Site	Batch	Final	Speedup	Segments	Fidelity gate
Railway	`19,761ms`	`3,854ms`	`5.13x`	`10 -> 3`	no health warnings; sections and nodes preserved
Neon	`19,750ms`	`3,444ms`	`5.73x`	`10 -> 3`	no health warnings; sections and nodes preserved
Firebase	`18,679ms`	`2,556ms`	`7.31x`	`10 -> 3`	no health warnings; sections and nodes preserved

What made the process work

The useful discipline was treating speed as a measured product behavior, not a code-path assumption. Every accepted change needed a saved manifest from the real Chrome extension. The manifest had to show captureTimings.extension.totalMs, screenshot segments, capture stats, and no capture-health warnings. The viewer also had to open the expected capture rather than a mismatched page or server-only artifact.

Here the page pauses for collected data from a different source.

(* Let $\mathcal{A}=(T(\Sigma,X),\Rightarrow_\Pi)$ be an abstract reduction system closed under substitutions, and let $(u_1\Rightarrow_{w_1}v_1,\ u_2\Rightarrow_{w_2}v_2)$ be a recurrent pair in $\mathcal{A}$, with $c_1,c_2,x,y,s,t,n_1,n_2,n_3,n_4$ as in the definition of recurrent pair. Then for all $m,n\in\mathbb{N}$ with $n\ge n_2$ there exist $m',n'\in\mathbb{N}$ with $n'\ge n_2$ such that $c_1[m,n]\ (\Rightarrow_{w_1}^{*}\circ\Rightarrow_{w_2})\ c_1[m',n']$.
   Context: Fix a signature $\Sigma$, a countably infinite set $X$ of variables disjoint from $\Sigma$, and two distinct fresh hole constants $\square,\square'\notin\Sigma\cup X$. Terms are elements of $T(\Sigma,X)$; substitutions $\theta$ (maps $X\to T(\Sigma,X)$ moving finitely many variables) act homomorphically; $\mathit{Var}$ denotes the variable set. An abstract reduction system $(A,\Rightarrow_\Pi)$ has $\Rightarrow_\Pi=\bigcup_{\pi\in\Pi}\Rightarrow_\pi$; for $w=\langle\pi_1,\dots,\pi_k\rangle\in\Pi^*$, $\Rightarrow_w=\Rightarrow_{\pi_1}\circ\cdots\circ\Rightarrow_{\pi_k}$ ($\Rightarrow_\epsilon$ the identity), where $\phi\circ\varphi=\{(a,a'')\mid\exists a_1,(a,a_1)\in\phi,(a_1,a'')\in\varphi\}$; $\Rightarrow_w^*$ is the reflexive-transitive closure of $\Rightarrow_w$. It is closed under substitutions if for all $s,t\in A$, $w\in\Pi^*$ and substitutions $\theta$, $s\Rightarrow_w t$ implies $s\theta\Rightarrow_w t\theta$. Let $c_1$ be a term over $\Sigma\cup\{\square,\square'\}$ and $X$ containing at least one occurrence of $\square$ and of $\square'$, and $c_1[t,t']$ the result of replacing all $\square$ by $t$ and all $\square'$ by $t'$. Let $c_2$ be a term over $\Sigma\cup\{\square\}$ and $X$ containing at least one $\square$ (and no $\square'$), $c_2[t]$ the result of replacing all $\square$ by $t$, $c_2^0[t]=t$, $c_2^{k+1}[t]=c_2[c_2^k[t]]$. A recurrent pair in $\mathcal{A}$ is a pair of chains $u_1\Rightarrow_{w_1}v_1$ and $u_2\Rightarrow_{w_2}v_2$ ($w_1,w_2\in\Pi^*$) such that: $u_1=c_1[x,c_2[y]]$, $v_1=c_1[c_2^{n_1}[x],y]$, $u_2=c_1[x,c_2^{n_2}[s]]$, $v_2=c_1[c_2^{n_3}[t],c_2^{n_4}[x]]$ for variables $x\neq y$ with $\{x,y\}\cap\mathit{Var}(c_1)=\emptyset$, a term $s$, naturals $n_1,n_2,n_3,n_4$; $\mathit{Var}(c_2)=\mathit{Var}(s)=\emptyset$; $t\in\{x,s\}$; and $n_4\ge n_2$. For $m,n\in\mathbb{N}$, $c_1[m,n]$ denotes the term $c_1[c_2^m[s],c_2^n[s]]$. *)

From Stdlib Require Import List Arith Relations.
Import ListNotations.
Set Implicit Arguments.

Section Terms.
Variable F : Type.
Variable arity : F -> nat.

(* Variables X := nat (a countably infinite set disjoint from Sigma). *)
Inductive term : Type :=
| Var : nat -> term
| Fun : F -> list term -> term.

(* well-formed terms: elements of T(Sigma, X) *)
Fixpoint wf (t : term) : bool :=
  match t with
  | Var _ => true
  | Fun f l => Nat.eqb (length l) (arity f) && forallb wf l
  end.

Fixpoint tvars (t : term) : list nat :=
  match t with
  | Var x => [x]
  | Fun _ l => flat_map tvars l
  end.

Fixpoint subst (th : nat -> term) (t : term) : term :=
  match t with
  | Var x => th x
  | Fun f l => Fun f (map (subst th) l)
  end.

Definition is_subst (th : nat -> term) : Prop :=
  (forall x, wf (th x) = true) /\
  exists dom : list nat, forall x, ~ In x dom -> th x = Var x.

Inductive ctx : Type :=
| CVar : nat -> ctx
| CFun : F -> list ctx -> ctx
| Hole1 : ctx
| Hole2 : ctx.

Fixpoint cwf (c : ctx) : bool :=
  match c with
  | CFun f l => Nat.eqb (length l) (arity f) && forallb cwf l
  | _ => true
  end.

Fixpoint has_hole1 (c : ctx) : bool :=
  match c with
  | Hole1 => true
  | CFun _ l => existsb has_hole1 l
  | _ => false
  end.

Fixpoint has_hole2 (c : ctx) : bool :=
  match c with
  | Hole2 => true
  | CFun _ l => existsb has_hole2 l
  | _ => false
  end.

Fixpoint cvars (c : ctx) : list nat :=
  match c with
  | CVar x => [x]
  | CFun _ l => flat_map cvars l
  | _ => []
  end.

Fixpoint fill (c : ctx) (t t' : term) : term :=
  match c with
  | CVar x => Var x
  | CFun f l => Fun f (map (fun d => fill d t t') l)
  | Hole1 => t
  | Hole2 => t'
  end.

(* for a context c2 without □': c2[t] *)
Definition fill1 (c : ctx) (t : term) : term := fill c t t.

Fixpoint fill_iter (c : ctx) (k : nat) (t : term) : term :=
  match k with
  | 0 => t
  | S k' => fill1 c (fill_iter c k' t)
  end.

End Terms.

Definition rcomp {A : Type} (phi psi : relation A) : relation A :=
  fun a a'' => exists a1, phi a a1 /\ psi a1 a''.

Fixpoint steps {A Pi : Type} (step : Pi -> relation A) (w : list Pi) : relation A :=
  match w with
  | [] => fun a b => a = b
  | p :: w' => rcomp (step p) (steps step w')
  end.

Definition ars_on_terms {F Pi : Type} (arity : F -> nat)
  (step : Pi -> relation (term F)) : Prop :=
  forall p s t, step p s t -> wf arity s = true /\ wf arity t = true.

Definition closed_under_subst {F Pi : Type} (arity : F -> nat)
  (step : Pi -> relation (term F)) : Prop :=
  forall (w : list Pi) (s t : term F) (th : nat -> term F),
    wf arity s = true -> wf arity t = true -> is_subst arity th ->
    steps step w s t -> steps step w (subst th s) (subst th t).

From Stdlib Require Import List Arith Relations Lia.

(* Since c2 and s are ground and x, y do not occur in c1, a substitution for
   x and y acts on the chains only through the hole contents.  Instantiating
   the first chain with x := c2^a[s] and y := c2^b[s] thus gives
   c1[a, b+1] =>_{w1} c1[a+n1, b]; iterating it n-n2 times moves c1[m, n] to
   c1[M, n2] with M = m + (n-n2) n1.  Instantiating the second chain with
   x := c2^M[s] then gives c1[M, n2] =>_{w2} c1[m', n4 + M], and n4 + M >= n2. *)

Section Terms.
Context {F : Type} {arity : F -> nat}.

Fixpoint term_nested_ind (P : term F -> Prop) (HVar : forall z, P (Var F z))
  (HFun : forall f l, Forall P l -> P (Fun f l)) (t : term F) : P t :=
  match t with
  | Var _ z => HVar z
  | Fun f l =>
      HFun f l ((fix go (l : list (term F)) : Forall P l :=
                   match l with
                   | nil => Forall_nil P
                   | a :: l' => Forall_cons a (@term_nested_ind P HVar HFun a) (go l')
                   end) l)
  end.

Fixpoint ctx_nested_ind (P : ctx F -> Prop) (HVar : forall z, P (CVar F z))
  (HFun : forall f l, Forall P l -> P (CFun f l))
  (HHole1 : P (Hole1 F)) (HHole2 : P (Hole2 F)) (c : ctx F) : P c :=
  match c with
  | CVar _ z => HVar z
  | CFun f l =>
      HFun f l ((fix go (l : list (ctx F)) : Forall P l :=
                   match l with
                   | nil => Forall_nil P
                   | a :: l' =>
                       Forall_cons a (@ctx_nested_ind P HVar HFun HHole1 HHole2 a) (go l')
                   end) l)
  | Hole1 _ => HHole1
  | Hole2 _ => HHole2
  end.

Lemma subst_id_on (th : nat -> term F) (t : term F) :
  (forall z, In z (tvars t) -> th z = Var F z) -> subst th t = t.
Proof.
  induction t as [z | f l IHl] using term_nested_ind; simpl; intros Hth.
  - apply Hth; left; reflexivity.
  - f_equal. rewrite <- (map_id l) at 2. apply map_ext_in. intros a Ha.
    rewrite Forall_forall in IHl. apply IHl; [exact Ha |].
    intros z Hz. apply Hth, in_flat_map. eauto.
Qed.

Lemma subst_ground (th : nat -> term F) (t : term F) :
  tvars t = nil -> subst th t = t.
Proof. intros Ht. apply subst_id_on. rewrite Ht. contradiction. Qed.

Lemma subst_fill (th : nat -> term F) (c : ctx F) (A B : term F) :
  (forall z, In z (cvars c) -> th z = Var F z) ->
  subst th (fill c A B) = fill c (subst th A) (subst th B).
Proof.
  induction c as [z | f l IHl | |] using ctx_nested_ind; simpl; intros Hth;
    try reflexivity.
  - apply Hth; left; reflexivity.
  - f_equal. rewrite map_map. apply map_ext_in. intros d Hd.
    rewrite Forall_forall in IHl. apply IHl; [exact Hd |].
    intros z Hz. apply Hth, in_flat_map. eauto.
Qed.

Lemma wf_fill {c : ctx F} {A B : term F} :
  cwf arity c = true -> wf arity A = true -> wf arity B = true ->
  wf arity (fill c A B) = true.
Proof.
  intros Hc HA HB.
  induction c as [z | f l IHl | |] using ctx_nested_ind; simpl in *; auto.
  apply andb_prop in Hc as [Hlen Hl]. apply andb_true_intro; split.
  - rewrite length_map. exact Hlen.
  - rewrite forallb_forall in Hl |- *. rewrite Forall_forall in IHl.
    intros u Hu. apply in_map_iff in Hu as [d [<- Hd]]. auto.
Qed.

Lemma fill_iter_add (c : ctx F) (a b : nat) (t : term F) :
  fill_iter c a (fill_iter c b t) = fill_iter c (a + b) t.
Proof. induction a as [| a IHa]; simpl; congruence. Qed.

Lemma wf_fill_iter {c : ctx F} (k : nat) {t : term F} :
  cwf arity c = true -> wf arity t = true -> wf arity (fill_iter c k t) = true.
Proof. intros Hc Ht. induction k; simpl; [exact Ht | apply wf_fill; auto]. Qed.

Lemma subst_fill_iter (th : nat -> term F) (c : ctx F) (k : nat) (t : term F) :
  cvars c = nil -> subst th (fill_iter c k t) = fill_iter c k (subst th t).
Proof.
  intros Hc. induction k as [| k IHk]; simpl; [reflexivity |].
  unfold fill1. rewrite subst_fill, IHk; [reflexivity |].
  rewrite Hc. contradiction.
Qed.

Definition fill_iter2 (c d : ctx F) (s : term F) (m n : nat) : term F :=
  fill c (fill_iter d m s) (fill_iter d n s).

Definition subst2 (x y : nat) (u v : term F) (z : nat) : term F :=
  if Nat.eqb z x then u else if Nat.eqb z y then v else Var F z.

Lemma subst2_l (x y : nat) (u v : term F) : subst2 x y u v x = u.
Proof. unfold subst2. rewrite Nat.eqb_refl. reflexivity. Qed.

Lemma subst2_r (x y : nat) (u v : term F) : x <> y -> subst2 x y u v y = v.
Proof.
  intros Hxy. unfold subst2.
  destruct (Nat.eqb_spec y x); [congruence |]. rewrite Nat.eqb_refl. reflexivity.
Qed.

Lemma is_subst_subst2 (x y : nat) {u v : term F} :
  wf arity u = true -> wf arity v = true -> is_subst arity (subst2 x y u v).
Proof.
  intros Hu Hv. split.
  - intros z. unfold subst2. destruct (Nat.eqb z x), (Nat.eqb z y); auto.
  - exists (x :: y :: nil). intros z Hz. unfold subst2.
    destruct (Nat.eqb_spec z x), (Nat.eqb_spec z y); subst; simpl in Hz; tauto.
Qed.

Lemma subst2_fill (x y : nat) (u v : term F) (c : ctx F) (A B : term F) :
  ~ In x (cvars c) -> ~ In y (cvars c) ->
  subst (subst2 x y u v) (fill c A B) =
  fill c (subst (subst2 x y u v) A) (subst (subst2 x y u v) B).
Proof.
  intros Hx Hy. apply subst_fill. intros z Hz. unfold subst2.
  destruct (Nat.eqb_spec z x); [subst; contradiction |].
  destruct (Nat.eqb_spec z y); [subst; contradiction | reflexivity].
Qed.

End Terms.

Section RecurrentPair.
Context {F : Type} {arity : F -> nat} {Pi : Type} {step : Pi -> relation (term F)}.
Hypothesis Hclosed : closed_under_subst arity step.
Context {c1 c2 : ctx F} {x y : nat} {s t : term F} {n1 n2 n3 n4 : nat}
  {w1 w2 : list Pi}.
Hypotheses (Hc1wf : cwf arity c1 = true) (Hc2wf : cwf arity c2 = true)
  (Hswf : wf arity s = true) (Hxy : x <> y)
  (Hxc1 : ~ In x (cvars c1)) (Hyc1 : ~ In y (cvars c1))
  (Hc2vars : cvars c2 = nil) (Hsvars : tvars s = nil)
  (Ht : t = Var F x \/ t = s).

Hypothesis Hchain1 : steps step w1
  (fill c1 (Var F x) (fill1 c2 (Var F y)))
  (fill c1 (fill_iter c2 n1 (Var F x)) (Var F y)).

Lemma first_chain_instance (a b : nat) :
  steps step w1 (fill_iter2 c1 c2 s a (S b)) (fill_iter2 c1 c2 s (n1 + a) b).
Proof.
  set (th := subst2 x y (fill_iter c2 a s) (fill_iter c2 b s)).
  assert (Hwfx : wf arity (Var F x) = true) by reflexivity.
  assert (Hwfy : wf arity (Var F y) = true) by reflexivity.
  change (fill1 c2 (Var F y)) with (fill_iter c2 1 (Var F y)) in Hchain1.
  pose proof (@Hclosed w1 _ _ th
    (wf_fill Hc1wf Hwfx (wf_fill_iter 1 Hc2wf Hwfy))
    (wf_fill Hc1wf (wf_fill_iter n1 Hc2wf Hwfx) Hwfy)
    (is_subst_subst2 x y (wf_fill_iter a Hc2wf Hswf) (wf_fill_iter b Hc2wf Hswf))
    Hchain1) as Hinst.
  unfold th in Hinst.
  rewrite !subst2_fill, !subst_fill_iter in Hinst by assumption; simpl in Hinst.
  rewrite subst2_l, subst2_r, !fill_iter_add in Hinst by assumption.
  exact Hinst.
Qed.

Lemma first_chain_iter (k a b : nat) :
  clos_refl_trans _ (steps step w1)
    (fill_iter2 c1 c2 s a (k + b)) (fill_iter2 c1 c2 s (k * n1 + a) b).
Proof.
  revert a. induction k as [| k IHk]; intros a; simpl; [apply rt_refl |].
  eapply rt_trans; [apply rt_step, first_chain_instance |].
  replace (n1 + k * n1 + a) with (k * n1 + (n1 + a)) by lia. apply IHk.
Qed.

Hypothesis Hchain2 : steps step w2
  (fill c1 (Var F x) (fill_iter c2 n2 s))
  (fill c1 (fill_iter c2 n3 t) (fill_iter c2 n4 (Var F x))).

Lemma second_chain_instance (a : nat) :
  exists m', steps step w2 (fill_iter2 c1 c2 s a n2) (fill_iter2 c1 c2 s m' (n4 + a)).
Proof.
  set (th := subst2 x y (fill_iter c2 a s) (Var F y)).
  assert (Hwfx : wf arity (Var F x) = true) by reflexivity.
  assert (Hwfy : wf arity (Var F y) = true) by reflexivity.
  assert (Hwft : wf arity t = true) by (destruct Ht as [-> | ->]; auto).
  pose proof (@Hclosed w2 _ _ th
    (wf_fill Hc1wf Hwfx (wf_fill_iter n2 Hc2wf Hswf))
    (wf_fill Hc1wf (wf_fill_iter n3 Hc2wf Hwft) (wf_fill_iter n4 Hc2wf Hwfx))
    (is_subst_subst2 x y (wf_fill_iter a Hc2wf Hswf) Hwfy)
    Hchain2) as Hinst.
  unfold th in Hinst.
  rewrite !subst2_fill, !subst_fill_iter in Hinst by assumption; simpl in Hinst.
  rewrite subst_ground, subst2_l, fill_iter_add in Hinst by assumption.
  destruct Ht as [-> | ->]; simpl in Hinst.
  - rewrite subst2_l, fill_iter_add in Hinst. exists (n3 + a). exact Hinst.
  - rewrite subst_ground in Hinst by assumption. exists n3. exact Hinst.
Qed.

End RecurrentPair.

Theorem proposition12
  (F : Type) (arity : F -> nat) (Pi : Type) (step : Pi -> relation (term F))
  (Hars : ars_on_terms arity step)
  (Hclosed : closed_under_subst arity step)
  (c1 c2 : ctx F) (x y : nat) (s t : term F) (n1 n2 n3 n4 : nat)
  (w1 w2 : list Pi)
  (* c1 : a term over Sigma ∪ {□,□'} and X with at least one □ and one □' *)
  (Hc1wf : cwf arity c1 = true)
  (Hc1h1 : has_hole1 c1 = true) (Hc1h2 : has_hole2 c1 = true)
  (* c2 : a term over Sigma ∪ {□} and X with at least one □ and no □' *)
  (Hc2wf : cwf arity c2 = true)
  (Hc2h1 : has_hole1 c2 = true) (Hc2h2 : has_hole2 c2 = false)
  (Hswf : wf arity s = true)
  (* side conditions of a recurrent pair *)
  (Hxy : x <> y)
  (Hxc1 : ~ In x (cvars c1)) (Hyc1 : ~ In y (cvars c1))
  (Hc2vars : cvars c2 = nil) (Hsvars : tvars s = nil)
  (Ht : t = Var F x \/ t = s)
  (Hn : n2 <= n4)
  (* the two chains u1 =>_{w1} v1 and u2 =>_{w2} v2 *)
  (Hchain1 : steps step w1
               (fill c1 (Var F x) (fill1 c2 (Var F y)))
               (fill c1 (fill_iter c2 n1 (Var F x)) (Var F y)))
  (Hchain2 : steps step w2
               (fill c1 (Var F x) (fill_iter c2 n2 s))
               (fill c1 (fill_iter c2 n3 t) (fill_iter c2 n4 (Var F x)))) :
  forall m n : nat, n2 <= n ->
    exists m' n' : nat, n2 <= n' /\
      rcomp (clos_refl_trans _ (steps step w1)) (steps step w2)
        (fill c1 (fill_iter c2 m s) (fill_iter c2 n s))
        (fill c1 (fill_iter c2 m' s) (fill_iter c2 n' s)).
Proof.
  intros m n Hn2.
  set (M := (n - n2) * n1 + m).
  destruct (second_chain_instance Hclosed Hc1wf Hc2wf Hswf Hxc1 Hyc1 Hc2vars Hsvars
              Ht Hchain2 M) as [m' Hsecond].
  exists m', (n4 + M). split; [lia |].
  exists (fill_iter2 c1 c2 s M n2). split; [| exact Hsecond].
  replace n with ((n - n2) + n2) at 1 by lia.
  exact (first_chain_iter Hclosed Hc1wf Hc2wf Hswf Hxy Hxc1 Hyc1 Hc2vars Hchain1
           (n - n2) m n2).
Qed.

The second useful constraint was keeping fidelity explicit. For Pluck, a page capture is not just pixels. It is the screenshot plus DOM, CSS, styles, sections, inspectable nodes, and enough health metadata to know whether the capture is trustworthy.

The result was not a generic "make waits shorter" patch. The final change moved waiting out of the repeated debugger segment loop while keeping the one-time collection and fallback paths that preserve capture fidelity.